Given the above, I would suggest we go ahead with implementing the fallback using GeoLite2. It provides country, city and asn databases that should cover most of our use cases when an IP is not known for being problematic. If an IP is a proxy, VPN or has been suspect of bad behaviour, it would show up on Spur.

In this patch I have proposed that we show ASN, location and organization fields to users with the "view basic" right. These are originally sourced from GeoLite2. This patch checks if the user has "view full" right before attempting to add IPoid data. However, AIUI, even if we didn't check the right before adding IPoid data, the code is already set up to not overwrite existing fields because we use += for merging values into the data array, and GeoLite2 data is added first, so once asn, organization and location are populated by GeoLite2, they would not be overwritten by the IPoid retriever.

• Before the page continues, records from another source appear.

Lemma Rintegral_shift_dev (L : law) (f : R -> R) (M z eps del : R) :
  finite_var L -> continuous f -> (forall x, `|f x| <= M) -> 0 < del -> 0 <= eps ->
  (forall w, `|w| < del -> `|f (z + w) - f z| <= eps) ->
  `|\int[L]_w f (z + w) - f z| <= eps + 2 * M / del ^+ 2 * moment2 L.
Proof.
move=> fv cf fM del0 eps0 fd.
have M0 : 0 <= M by rewrite (le_trans _ (fM 0)).
set c := 2 * M / del ^+ 2.
have c0 : 0 <= c by rewrite divr_ge0 ?sqr_ge0// mulr_ge0.
have mfz := measurable_shift z cf.
have i1 : L.-integrable setT (EFin \o (fun w => f (z + w))).
  exact: (integrable_bounded _ mfz (fun w => fM (z + w))).
have i2 : L.-integrable setT (EFin \o (fun w => f (z + w) - f z)).
  apply: (@integrable_bounded R L _ (2 * M)); first exact: measurable_funB.
  move=> w; rewrite (le_trans (ler_normB _ _))//.
  by have := fM (z + w); have := fM z; lra.
have i3 : L.-integrable setT (EFin \o (fun w : BorelR R => c * w ^+ 2 + 0 * w + eps)).
  apply: (integrable_quadratic_growth (a := eps) (b := c)) => //.
    apply: measurable_funD => //; apply: measurable_funD => //.
    exact: measurable_funM.
  move=> w; rewrite mul0r addr0 addrC ger0_norm//.
  by rewrite addr_ge0// mulr_ge0// sqr_ge0.
have -> : \int[L]_w f (z + w) - f z = \int[L]_w (f (z + w) - f z).
  by rewrite RintegralB// ?Rintegral_cst_law//; exact: finite_measure_integrable_cst.
apply: (le_trans (le_normr_Rintegral _ _)) => //.
apply: (@le_trans _ _ (\int[L]_w (c * w ^+ 2 + 0 * w + eps))).
  apply: le_Rintegral => //; first exact: integrable_norm.
  by move=> w _; rewrite /= mul0r addr0 (addrC _ eps); exact: shift_dev_le.
by rewrite /Rintegral integral_quadratic// mul0r addr0 /= addrC.
Qed.

Lemma Rintegral_shift_cvg (Lk : nat -> law) (f : R -> R) (M z : R) :
  continuous f -> (forall x, `|f x| <= M) -> (forall k, finite_var (Lk k)) ->
  (fun k => moment2 (Lk k)) @ \oo --> 0 ->
  (fun k => \int[Lk k]_w f (z + w)) @ \oo --> f z.
Proof.
move=> cf fM fv mk.
have M0 : 0 <= M by rewrite (le_trans _ (fM 0)).
apply/cvgrPdist_le => eps eps0.
have eps20 : 0 < eps / 2 by rewrite divr_gt0.
have /cvgrPdist_le/(_ _ eps20)/nbhs_ballP[del /= del0 fd] := cf z.
have fd' w : `|w| < del -> `|f (z + w) - f z| <= eps / 2.
  move=> wd; rewrite distrC; apply: fd.
  by rewrite -ball_normE /= opprD addNKr normrN.
set c := 2 * M / del ^+ 2.
have c0 : 0 <= c by rewrite divr_ge0 ?sqr_ge0// mulr_ge0.
set e := eps / 2 / (c + 1).
have e0 : 0 < e by rewrite !divr_gt0// ltr_wpDl.
have ce : c * e <= eps / 2.
  by rewrite /e mulrA ler_pdivrMr ?ltr_wpDl// mulrDr mulr1 mulrC lerDl ltW.
move: mk => /cvgrPdist_le /(_ _ e0); apply: filterS => k /= mkk.
have mke : moment2 (Lk k) <= e by rewrite (le_trans _ mkk)// sub0r normrN ler_norm.
rewrite distrC (le_trans (Rintegral_shift_dev (fv k) cf fM del0 (ltW eps20) fd'))//.
by have := ler_wpM2l c0 mke; rewrite -/c; lra.
Qed.

Lemma Rintegral_add_bound (L : law) (f : R -> R) (M : R) :
  measurable_fun setT (f : BorelR R -> R) -> (forall x, `|f x| <= M) ->
  \int[L]_x f x = fine (\int[L]_x (f x + M)%:E)%E - M.
Proof.
move=> mf fM.
rewrite -[fine _]/(\int[L]_x (f x + M)) RintegralD//.
- by rewrite Rintegral_cst_law addrK.
- exact: (integrable_bounded L mf fM).
- exact: finite_measure_integrable_cst.
Qed.

(* For nonnegative bounded continuous g, E[g (z + w)] with z ~ Z, w ~ L_k
   independent tends to E[g z] (Tonelli and dominated convergence). *)
Lemma integral_sum_law_cvg (Z : law) (Lk : nat -> law) (g : R -> R) (M : R) :
  continuous g -> (forall x, 0 <= g x) -> (forall x, g x <= M) ->
  (forall k, finite_var (Lk k)) ->
  (fun k => moment2 (Lk k)) @ \oo --> 0 ->
  (fun k => \int[sum_law Z (Lk k)]_x (g x)%:E)%E @ \oo --> (\int[Z]_x (g x)%:E)%E.
Proof.
move=> cg g0 gM fv mk.
have gnorm x : `|g x| <= M by rewrite ger0_norm ?gM ?g0.
have mg : measurable_fun setT (g : BorelR R -> R) := continuous_measurable_fun cg.
have mgE : measurable_fun setT (fun x : BorelR R => (g x)%:E).
  exact/measurable_EFinP.
have g0E x : (0 <= (g x)%:E)%E by rewrite lee_fin.
under eq_fun do rewrite (integral_sum_law_ge0 _ _ mgE g0E).
apply: (@dominated_cvg _ _ _ Z setT measurableT _ _ (fun _ => M%:E)).
- move=> k; apply: (@measurable_fun_fubini_tonelli_F _ _ _ _ _ (Lk k)
     (fun p : BorelR R * BorelR R => (g (p.1 + p.2))%:E)) => //.
  apply/measurable_EFinP; apply: measurableT_comp => //.
  exact: measurable_sum_map.
- move=> z _; apply: cvg_EFin.
    apply: nearW => k; apply: integrable_fin_num => //.
    exact: (integrable_bounded _ (measurable_shift z cg) (fun w => gnorm (z + w))).
  exact: (Rintegral_shift_cvg cg gnorm fv mk).
- by [].
- exact: finite_measure_integrable_cst.
- move=> k z _.
  rewrite gee0_abs; last by apply: integral_ge0 => y _; rewrite lee_fin.
  rewrite -(integral_cst_law (Lk k) M); apply: ge0_le_integral => //.
  + by apply/measurable_EFinP; exact: measurable_shift.
  + by move=> y _; rewrite lee_fin.
Qed.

Given the above, I would suggest we go ahead with implementing the fallback using GeoLite2. It provides country, city and asn databases that should cover most of our use cases when an IP is not known for being problematic. If an IP is a proxy, VPN or has been suspect of bad behaviour, it would show up on Spur.

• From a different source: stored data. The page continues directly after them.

End MonomialPaths.

(** * The string lengths of a monomial *)

Section EpsilonOfMonomial.
Variables (R : realType) (I : finType) (A : I -> I -> int) (lam : I -> nat)
  (t : nat) (ii : 'I_t -> I) (b : 'I_t -> nat).
Hypotheses (GCM : simply_laced_symmetrizable_GCM A) (ii_inj : injective ii).
Variables (x : lspath I R) (g : 'I_t -> R -> R).
Hypothesis Hx : monomial_form A lam ii b (enum 'I_t) x g.
Implicit Types (r s : 'I_t).

Definition complement_path r : lspath I R := fun u k =>
  @pi_hw I R lam u k - \sum_(s <- enum 'I_t | s != r) g s u * sroot R A (ii s) k.

Definition earlier_height r (u : R) : R :=
  \sum_(s <- enum 'I_t | (s < r)%N) (A (ii r) (ii s) != 0)%:R * g s u.

Definition earlier_weight r : nat :=
  \sum_(s <- enum 'I_t | (s < r)%N) b s * (A (ii r) (ii s) != 0).

Lemma shifted_complement r : shifted A (ii r) x (complement_path r)
  (fun u => Num.min (pre_height A lam ii (enum 'I_t) g r u) (b r)%:R).
Proof.
move=> u u01 k; have [_ _ _ gE] := (proj2 Hx) r (mem_enum _ r).
rewrite (proj1 Hx) // (bigD1_seq r (mem_enum _ r) (enum_uniq _)) /= gE.
by rewrite /complement_path; ring.
Qed.

Lemma hfun_complement r u : 0 <= u <= 1 ->
  hfun (ii r) (complement_path r) u =
  pre_height A lam ii (enum 'I_t) g r u + earlier_height r u.
Proof.
move=> u01; pose F s := g s u * (A (ii r) (ii s))%:~R.
have earlierE : earlier_height r u = - \sum_(s <- enum 'I_t | (s < r)%N) F s.
  rewrite /earlier_height -sumrN; apply: eq_bigr => s sr.
  rewrite /F -(oppr_gcm_offdiag GCM); first by rewrite mulNr mulrC.
  by apply: (ii_neq ii_inj); rewrite ord_neq_ltn sr orbT.
have splitE : \sum_(s <- enum 'I_t | s != r) F s =
  \sum_(s <- enum 'I_t | (r < s)%N) (A (ii r) (ii s))%:~R * g s u +
  \sum_(s <- enum 'I_t | (s < r)%N) F s.
  rewrite (bigID (fun s => (r < s)%N)) /=; congr (_ + _).
    by apply: eq_big => [s|s _]; [rewrite ord_neq_ltn; case: ltngtP | rewrite mulrC].
  by apply: eq_bigl => s; rewrite ord_neq_ltn; case: ltngtP.
rewrite earlierE /hfun /pairing /complement_path /pi_hw /sroot -/F splitE /pre_height.
ring.
Qed.

Lemma coef_bounds s u : 0 <= u <= 1 -> 0 <= g s u <= (b s)%:R.
Proof. by have [_ _] := monomial_form_coef Hx (mem_enum _ s); apply. Qed.

Lemma earlier_height_le r u : 0 <= u <= 1 -> earlier_height r u <= (earlier_weight r)%:R.
Proof.
move=> u01; rewrite /earlier_weight natr_sum; apply: ler_sum => s _.
have /andP[g0 gb] := coef_bounds s u01.
by case: (A (ii r) (ii s) != 0); rewrite ?muln1 ?muln0 ?mul1r ?mul0r.
Qed.

(* Since a_(ii s, ii r) = -1, the height of s contains the term [g r u]; all its
   other terms are nonnegative. *)
Lemma coef_le_pre_height r s u : 0 <= u <= 1 -> (s < r)%N -> A (ii s) (ii r) = -1 ->
  g r u <= pre_height A lam ii (enum 'I_t) g s u.
Proof.
move=> /andP[u0 u1] sr Asr.
rewrite /pre_height big_mkcond (bigD1_seq r (mem_enum _ r) (enum_uniq _)) /= sr Asr.
have rest_le0 : \sum_(s' <- enum 'I_t | s' != r)
    (if (s < s')%N then (A (ii s) (ii s'))%:~R * g s' u else 0) <= 0.
  apply: sumr_le0 => s' _; case: ifP => // ss'.
  have /andP[g0 _] : 0 <= g s' u <= (b s')%:R by apply: coef_bounds; rewrite u0 u1.
  apply: mulr_le0_ge0 => //; apply: (gcm_offdiag_le0 GCM); apply: (ii_neq ii_inj).
  by rewrite ord_neq_ltn ss'.
have : 0 <= (lam (ii s))%:R * u by rewrite mulr_ge0.
rewrite mulrN1z mulN1r; lra.
Qed.

Lemma earlier_height_ge r u : 0 <= u <= 1 ->
  Num.min (Num.min (pre_height A lam ii (enum 'I_t) g r u) (b r)%:R)
    (earlier_weight r)%:R <= earlier_height r u.
Proof.
move=> u01; have [_ _ _ gE] := (proj2 Hx) r (mem_enum _ r); rewrite -gE.
have /andP[gr0 _] := coef_bounds r u01.
rewrite /earlier_weight natr_sum; apply: min_sum_le => // s _ sr.
have [_|Ars_ne] := eqVneq (A (ii r) (ii s)) 0.
  by rewrite /= muln0 mul0r min_r.
have rs : ii r != ii s by apply: (ii_neq ii_inj); rewrite ord_neq_ltn sr orbT.
have Ars : A (ii r) (ii s) = -1.
  by case: (gcm_offdiag GCM rs) => // Ars; rewrite Ars eqxx in Ars_ne.
have [_ _ _ gsE] := (proj2 Hx) s (mem_enum _ s).
rewrite /= muln1 mul1r gsE; split => //; apply: le_min2 => //.
by apply: coef_le_pre_height; rewrite // (gcm_sym GCM).
Qed.

Lemma sum_earlier_cartan r :
  \sum_(s < t | (s < r)%N) (b s)%:Z * A (ii s) (ii r) = - (earlier_weight r)%:Z.
Proof.
have -> : \sum_(s < t | (s < r)%N) (b s)%:Z * A (ii s) (ii r) =
    \sum_(s <- enum 'I_t | (s < r)%N) (b s)%:Z * A (ii s) (ii r).
  by rewrite big_enum_cond.
rewrite /earlier_weight -natz natr_sum -sumrN; apply: eq_bigr => s sr.
have rs : ii r != ii s by apply: (ii_neq ii_inj); rewrite ord_neq_ltn sr orbT.
rewrite (gcm_sym GCM) natrM natz.
by case: (gcm_offdiag GCM rs) => ->; rewrite /= ?mulr0 ?oppr0 ?mulrN1 ?mulr1.
Qed.

Lemma epsilon_monomial r :
  epsilon_is A (ii r) x (Num.max 0 ((b r)%:Z - (earlier_weight r)%:Z)).
Proof.
have [HM H0 Hb1 _] := (proj2 Hx) r (mem_enum _ r).
have Aii := gcm_diag GCM (ii r).
have hQ := hfun_complement r.
have G_le := earlier_height_le r.
have G_ge := earlier_height_ge r.
have sh := shifted_complement r.
have [br|br] := leqP (b r) (earlier_weight r).
  rewrite (max_idPl _); last by rewrite subr_le0 lez_nat.
  by exists 0%N; rewrite /epow /= (roote_shifted_None Aii hQ G_ge (leqnn _) br sh).
have {}br := ltnW br.
rewrite (max_idPr _); last by rewrite subr_ge0 lez_nat.
rewrite subzn //.
by apply: (epsilon_shifted Aii HM H0 Hb1 hQ G_le G_ge); rewrite subnKC.
Qed.

Lemma epsilon_monomial_outside j : (forall r, ii r != j) -> epsilon_is A j x 0.
Proof.
move=> j_out.
have : 0 <= hmin j x.
  apply: hmin_ge => u u01; have /andP[u0 _] := u01.
  rewrite /hfun /pairing (proj1 Hx) // /pi_hw /sroot subr_ge0.
  apply: le_trans (mulr_ge0 u0 (ler0n _ _)).
  apply: sumr_le0 => s _; apply: mulr_ge0_le0; first by case/andP: (coef_bounds s u01).
  by apply: (gcm_offdiag_le0 GCM); rewrite eq_sym.
by move=> hm; exists 0%N; rewrite /epow /= /roote ifT //; lra.
Qed.

End EpsilonOfMonomial.

Theorem mainTheorem4 (R : realType) (I : finType) (A : I -> I -> int)
  (lam : I -> nat) (t : nat) (ii : 'I_t -> I) (b : 'I_t -> nat)
  (x : lspath I R) :
  simply_laced_symmetrizable_GCM A ->
  injective ii ->
  monomial R A lam ii b = Some x ->
  (forall r : 'I_t,
     epsilon_is A (ii r) x
       (Num.max 0 ((b r)%:Z + \sum_(s < t | (s < r)%N) (b s)%:Z * A (ii s) (ii r))))
  /\ (forall j : I, (forall r : 'I_t, ii r != j) -> epsilon_is A j x 0).
Proof.
move=> GCM ii_inj Hm.
have sorted_enum : sorted (fun r s : 'I_t => (r < s)%N) (enum 'I_t).
  by have := iota_ltn_sorted 0 t; rewrite -val_enum_ord sorted_map.
have [g Hx] := monomial_form_foldr GCM ii_inj sorted_enum Hm.
split=> [r|j j_out]; last exact: (epsilon_monomial_outside GCM Hx).
by rewrite sum_earlier_cartan //; exact: (epsilon_monomial GCM ii_inj Hx).
Qed.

In this patch I have proposed that we show ASN, location and organization fields to users with the "view basic" right. These are originally sourced from GeoLite2. This patch checks if the user has "view full" right before attempting to add IPoid data. However, AIUI, even if we didn't check the right before adding IPoid data, the code is already set up to not overwrite existing fields because we use += for merging values into the data array, and GeoLite2 data is added first, so once asn, organization and location are populated by GeoLite2, they would not be overwritten by the IPoid retriever.

cc @MMoss_WMF about https://foundation.wikimedia.org/wiki/Legal:IP_Information_tool_guidelines. tl;dr we are now sourcing ASN, organization and location information from GeoLite2. Since this is a free database that anyone can download and use, I assume there is no need to gate access to that data behind the "view full" right anymore. (The guidelines currently state only administrator, bureaucrat, checkuser, oversight, or stewards may access those fields currently.)